Commander Coats. Well, thank you, Mr. President. We deeply appreciate your words of support for our country's space program. We represent thousands of people that work very hard to get the shuttle off the ground each time. And the encouragement you've shown is deeply appreciated.

We also appreciate your words talking about family and the importance of youth. All of us on this crew are very proud of our wives and of our children. And when we're not working in the space program, we're talking about our families. And it's been very encouraging to us to see you and Mrs. Bush and the emphasis that you place on family. We think it's wonderful, and we applaud that, sir.

We presented Mrs. Bush with a gold shuttle charm on a necklace earlier this morning. When it became obvious that we would be flying the first flight of this administration, we had a lot of discussion about what to fly for the President. And it became apparent quickly that we really wanted to fly something for Mrs. Bush as well. She's obviously a very special lady and she's very special to us. And we presented that with her this morning, and we'd like to thank you for a very special First Lady.

When we discussed what to fly for our new President, most of us, of course, being home-ported in Houston, Texas, wanted to fly a Texas flag. It became obvious that, as proud as we are of our new President being from Texas, it probably wasn't appropriate to give you a Texas flag, sir, since you're now President of all these United States. So, we did fly a United States flag, and we'd like to present that to you right now, sir. And with it goes this plaque that says, ``Presented to the President of the United States of America, George Bush. This United States flag was flown in the official flight kit aboard the orbiter Discovery, STS 29, March 13th through 18th, 1989.'' And each of the crew members have signed it. Sir, thank you very much.

The President. That's lovely. Well, thank you for the special -- that actually went? Thank you all. Let me get the wives to come up. Come up here, ladies, so they can get a fitting group picture here. Pick out a husband. [Laughter]

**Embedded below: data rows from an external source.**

Lemma axial_rescale_id x : axial_rescale u (height u x) 1 x = x.
Proof.
rewrite /axial_rescale -{3}(@axial_decomp _ u x); congr vadd.
by apply: functional_extensionality => i; rewrite /vscale; ring.
Qed.

End AxialRescaling.

Definition ball_image {m} (K : vset m) : Prop :=
  exists S : vec m -> vec m, is_linear S /\ injective S /\
    forall x, K x <-> exists y, vnorm y <= 1 /\ S y = x.

(* A quadric of revolution  alpha h^2 + beta |radial part|^2 <= 1  is a centred
   ellipsoid: rescale the height by sqrt (|u|^2 / alpha) and the radial part
   by sqrt (1 / beta). *)
Lemma quadric_ball_image {m} (u : vec m) (alpha beta : R) :
  u <> vzero -> 0 < alpha -> 0 < beta ->
  ball_image (fun x => alpha * (height u x * height u x) + beta * rad2 u x <= 1).
Proof.
move=> u_nz alpha_pos beta_pos; have a_pos := dot_pos _ u_nz.
pose k1 := sqrt (dot u u / alpha); pose k2 := sqrt (/ beta).
have k1_pos : 0 < k1 by apply: sqrt_lt_R0; apply: Rdiv_lt_0_compat.
have k2_pos : 0 < k2 by apply: sqrt_lt_R0; apply: Rinv_0_lt_compat.
have k1k1 : k1 * k1 = dot u u / alpha by apply: sqrt_sqrt; apply/Rlt_le/Rdiv_lt_0_compat.
have k2k2 : k2 * k2 = / beta by apply: sqrt_sqrt; apply/Rlt_le/Rinv_0_lt_compat.
pose S y := axial_rescale u (k1 * height u y) k2 y.
pose Si x := axial_rescale u (height u x / k1) (/ k2) x.
have SiK : cancel S Si.
  move=> y; rewrite /Si /S (height_rescale u_nz) (axial_rescale_comp u_nz).
  have -> : k1 * height u y / k1 = height u y by field; lra.
  by rewrite Rinv_l ?axial_rescale_id //; lra.
have SKi : cancel Si S.
  move=> x; rewrite /Si /S (height_rescale u_nz) (axial_rescale_comp u_nz).
  have -> : k1 * (height u x / k1) = height u x by field; lra.
  by rewrite Rinv_r ?axial_rescale_id //; lra.
rewrite /ball_image /is_linear; exists S; split; [split|split; [exact: can_inj SiK|]].
- move=> x y; apply: functional_extensionality => i.
  by rewrite /S /axial_rescale (height_add u_nz) (radial_add u_nz) /vadd /vscale; ring.
- move=> c x; apply: functional_extensionality => i.
  by rewrite /S /axial_rescale (height_scale u_nz) (radial_scale u_nz) /vadd /vscale; ring.
- move=> x; split => [Hx|[y [y_le1 <-]]].
  + exists (Si x); split => //; apply/vnorm_le; first lra.
    rewrite (dot_axial u_nz) /Si (height_rescale u_nz) (rad2_rescale u_nz).
    set h := height u x.
    have e1 : / k2 * / k2 = beta by rewrite -Rinv_mult k2k2 Rinv_inv.
    have e2 : dot u u * (h / k1 * (h / k1)) = alpha * (h * h).
      transitivity (dot u u * (h * h) / (k1 * k1)); first by field; lra.
      by rewrite k1k1; field; lra.
    by rewrite e1 e2 Rmult_1_r.
  + move/vnorm_le: y_le1 => /(_ ltac:(lra)); rewrite (dot_axial u_nz) => y_le1.
    rewrite /S (height_rescale u_nz) (rad2_rescale u_nz); set h := height u y.
    have e1 : alpha * (k1 * h * (k1 * h)) = dot u u * (h * h).
      transitivity (alpha * (k1 * k1) * (h * h)); first by ring.
      by rewrite k1k1; field; lra.
    have e2 : beta * (k2 * k2 * rad2 u y) = rad2 u y by rewrite k2k2; field; lra.
    by rewrite e1 e2 /h; lra.
Qed.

I'd like to ask the Members of Congress that are here to come and say hello to these gentlemen before they head on back to Houston, Texas, which I understand they're fixing to do right after this. So, I see some right here. Come on, you guys. Jim, Jamie, and the Senator -- come on. We'll just say a quick hello to these people, because I don't know if they're going to have the chance -- Congress is out -- to go up to the Hill. Here's Jim Sensenbrenner here. This is the chairman. Be nice to this guy. [Laughter]

Note: The President spoke at 11:30 a.m. in Room 450 of the Old Executive Office Building. In his closing remarks, he referred to Representatives F. James Sensenbrenner, Jr., of Wisconsin and Jamie L. Whitten of Mississippi, and Senator Quentin N. Burdick of North Dakota. The space shuttle ``Discovery'' was launched on March 13 from the Kennedy Space Center in Cape Canaveral, FL, and returned to Edwards Air Force Base, CA, on March 18. The members of the crew were: Capt. Michael L. Coats, USN, flight commander; Col. John E. Blaha, USAF, mission pilot; Col. James F. Buchli and Col. Robert C. Springer, USMC, mission specialists; and James P. Bagian, physician and mission specialist.